The examples described above often require careful co-ordination of disjoint services and data sources. An accepted practice is to pull together large / complex Java, Scala or Python eco-systems and libraries to extract and reformat data in a strongly typed format before landing it into an object store / data lake or cloud-native data warehouse. Eruptr throws back to a simpler time, building on the knowledge that untyped text processing using awk, sed and other decades old tools vastly outperform most modern BigData eco-systems 95% of the time with identical data accuracy. The performance of such tooling also has a positive benefit to the environment - something we love @ VulknData.

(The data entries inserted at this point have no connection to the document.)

Lemma eigenfunction_deriv_sign s :
  0 < s * alpha -> 0 < s * lam /\ forall t, 0 <= t < R0 -> 0 < s * du t.
Proof.
  intros Ha. destruct hu as [_ [Hflux [Hbc HduR]]].
  set (G := fun t => - s * (w t * spow p (du t))).
  assert (HG : deriv_on 0 R0 G (fun t => - s * (- lam * w t * spow p (u t))))
    by (apply deriv_on_scal; auto).
  assert (HG0 : G 0 = - (s * alpha) * Rpower (u 0) (p - 1)).
  { unfold G. rewrite hw0, Hbc, spow_eigenfunction by lra. ring. }
  assert (HGR : G R0 = 0) by (unfold G; rewrite HduR, spow_0; ring).
  assert (Hu0 := Rpower_pos (u 0) (p - 1)).
  assert (Hdiff : forall x, 0 <= x <= R0 ->
    - s * (- lam * w x * spow p (u x)) = s * lam * (w x * Rpower (u x) (p - 1))).
  { intros. rewrite spow_eigenfunction; auto. ring. }
  assert (Hwu : forall x, 0 <= x <= R0 -> 0 < w x * Rpower (u x) (p - 1))
    by (intros; apply Rmult_lt_0_compat; auto using Rpower_pos).
  assert (Hlam : 0 < s * lam).
  { destruct (Rlt_dec 0 (s * lam)) as [|Hn]; auto. exfalso.
    assert (Hdecr := deriv_on_incr 0 R0 hR _ _ (deriv_on_scal 0 R0 hR (-1) _ _ HG)
      ltac:(intros x Hx; cbv beta; rewrite Hdiff by auto; specialize (Hwu x Hx); nra)
      0 R0 ltac:(lra) ltac:(lra) ltac:(lra)).
    nra. }
  split; auto. intros t Ht.
  assert (HGt := deriv_on_strict_incr 0 R0 hR _ _ HG
    ltac:(intros x Hx; cbv beta; rewrite Hdiff by auto; specialize (Hwu x Hx); nra)
    t R0 ltac:(lra) ltac:(lra) ltac:(lra)).
  assert (Hwt : 0 < w t) by (apply hwpos; lra).
  rewrite HGR in HGt. unfold G in HGt. apply (Rmult_spow_pos p). nra.
Qed.

Definition riccati_var (t : R) : R := spow p (du t) / Rpower (u t) (p - 1).

Lemma riccati_var_spow t : 0 <= t <= R0 -> riccati_var t = spow p (du t / u t).
Proof. intros. unfold riccati_var. rewrite spow_div; auto. Qed.

Lemma riccati_var_0 : riccati_var 0 = alpha.
Proof.
  destruct hu as [_ [_ [Hbc _]]]. unfold riccati_var.
  rewrite Hbc, spow_eigenfunction by lra. field. apply Rgt_not_eq, Rpower_pos.
Qed.

Lemma riccati_var_R0 : riccati_var R0 = 0.
Proof. destruct hu as [_ [_ [_ HduR]]]. unfold riccati_var. rewrite HduR, spow_0. field.
  apply Rgt_not_eq, Rpower_pos. Qed.

Lemma apow_conj_exp_div_Rpower d y : 0 < y ->
  apow (conj_exp p) (spow p d / Rpower y (p - 1)) = spow p d * d / (Rpower y (p - 1 - 1) * y * y).
Proof.
  intros Hy. rewrite <- spow_div, apow_conj_exp_spow, apow_div, <- spow_mul_id by auto.
  rewrite (Rpower_pred y p), (Rpower_pred y (p - 1)) by auto. reflexivity.
Qed.

Lemma deriv_on_riccati_var :
  deriv_on 0 R0 riccati_var (fun t => riccati_rhs p lam (D 1%nat t / w t) (riccati_var t)).
Proof.
  destruct hu as [_ [Hflux _]].
  assert (Hw : deriv_on 0 R0 w (D 1%nat)).
  { apply (deriv_on_of_derivable _ _ _ w); auto using derivable_pt_lim_weight. }
  assert (HU : deriv_on 0 R0 (fun t => Rpower (u t) (p - 1))
                 (fun t => (p - 1) * Rpower (u t) (p - 1 - 1) * du t)).
  { apply (deriv_on_comp 0 R0 hR (fun y => Rpower y (p - 1)) u du
      (fun t => (p - 1) * Rpower (u t) (p - 1 - 1))); [exact (proj1 hu)|]. intros x Hx. apply derivable_pt_lim_power, hupos; auto. }
  assert (Hquot := deriv_on_div 0 R0 hR _ _ _ _ Hflux (deriv_on_mult 0 R0 hR _ _ _ _ Hw HU)
    ltac:(intros x Hx; apply Rgt_not_eq, Rmult_lt_0_compat; auto using Rpower_pos)).
  refine (deriv_on_ext _ _ _ _ _ _ _ _ Hquot); intros x Hx;
    assert (Hux := hupos x Hx); assert (Hwx := hwpos x Hx); cbv beta.
  - assert (HUx := Rpower_pos (u x) (p - 1)). unfold riccati_var. field. lra.
  - assert (HU2 := Rpower_pos (u x) (p - 1 - 1)). unfold riccati_rhs, riccati_var.
    rewrite apow_conj_exp_div_Rpower, spow_eigenfunction, (Rpower_pred (u x) (p - 1)) by auto.
    field. repeat split; lra.
Qed.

Eruptr is a hybrid of all the aforementioned patterns - streaming, ELT and ETL merge together to provide a straight forward and simple approach with both streaming and step-wise transformations. We call this LET but in reality all aspects of the above can be employed at different stages.

Eruptr Features

  • Specific support/target for ClickHouse and real-time workloads.
  • Declarative YAML driven ELT/ETL/LET pipeline configuration that mixes both batch and streaming transformation capability.
  • Template configurations - use stacked template engines, Jinja and Mako, in the one YAML document.
  • Multiple execution modes - model administration, data conversion, batch and streaming options.
  • Model deployment - describe target tables as part of the workflow and let Eruptr deploy them for you.
  • Data conversion - use eruptr to convert between multiple data formats from multiple source / object stores on the fly.
  • Extensible modular ecosystem. Users can author new modules - eruptr will automatically detect and load your modules:
    • drivers - Execution targets to deploy your workloads
    • engines - Create new data store execution engines
    • executors - High level process co-ordinators to mix batch and streaming modules
    • filters - Jinja template filters that can be used throughout your workflows
    • formats - Convert data sources without having to fire up Spark or employ complex layers of Java/Scala code
    • io - Interact with different data store endpoints and streaming systems
    • locks - Employ file, database or distributed key/value store locking for rapid data applications and co-ordinating multiple data stores
    • macros - Declare both SQL snippets and functions as Jinja, Mako or simple SQL macros for re-use
    • pipes - Simple Unix pipes streaming API - process text using gawk, awk, sed and other shell tools
    • tasks - Execute batch-style tasks from shell, scripts, embedded code or SQL
  • ClickHouse only features
    • Streaming SQL transformations using the pipes.clickhouse.local and io.clickhouse.write functions
    • Shard allocation / detection for data files
    • Distributed table management
    • Automatic model generation from raw SQL. No fancy DSL or YAML breakdown of your model required.
    • Automatic schema migrations for simple cases (columns, indexes, settings).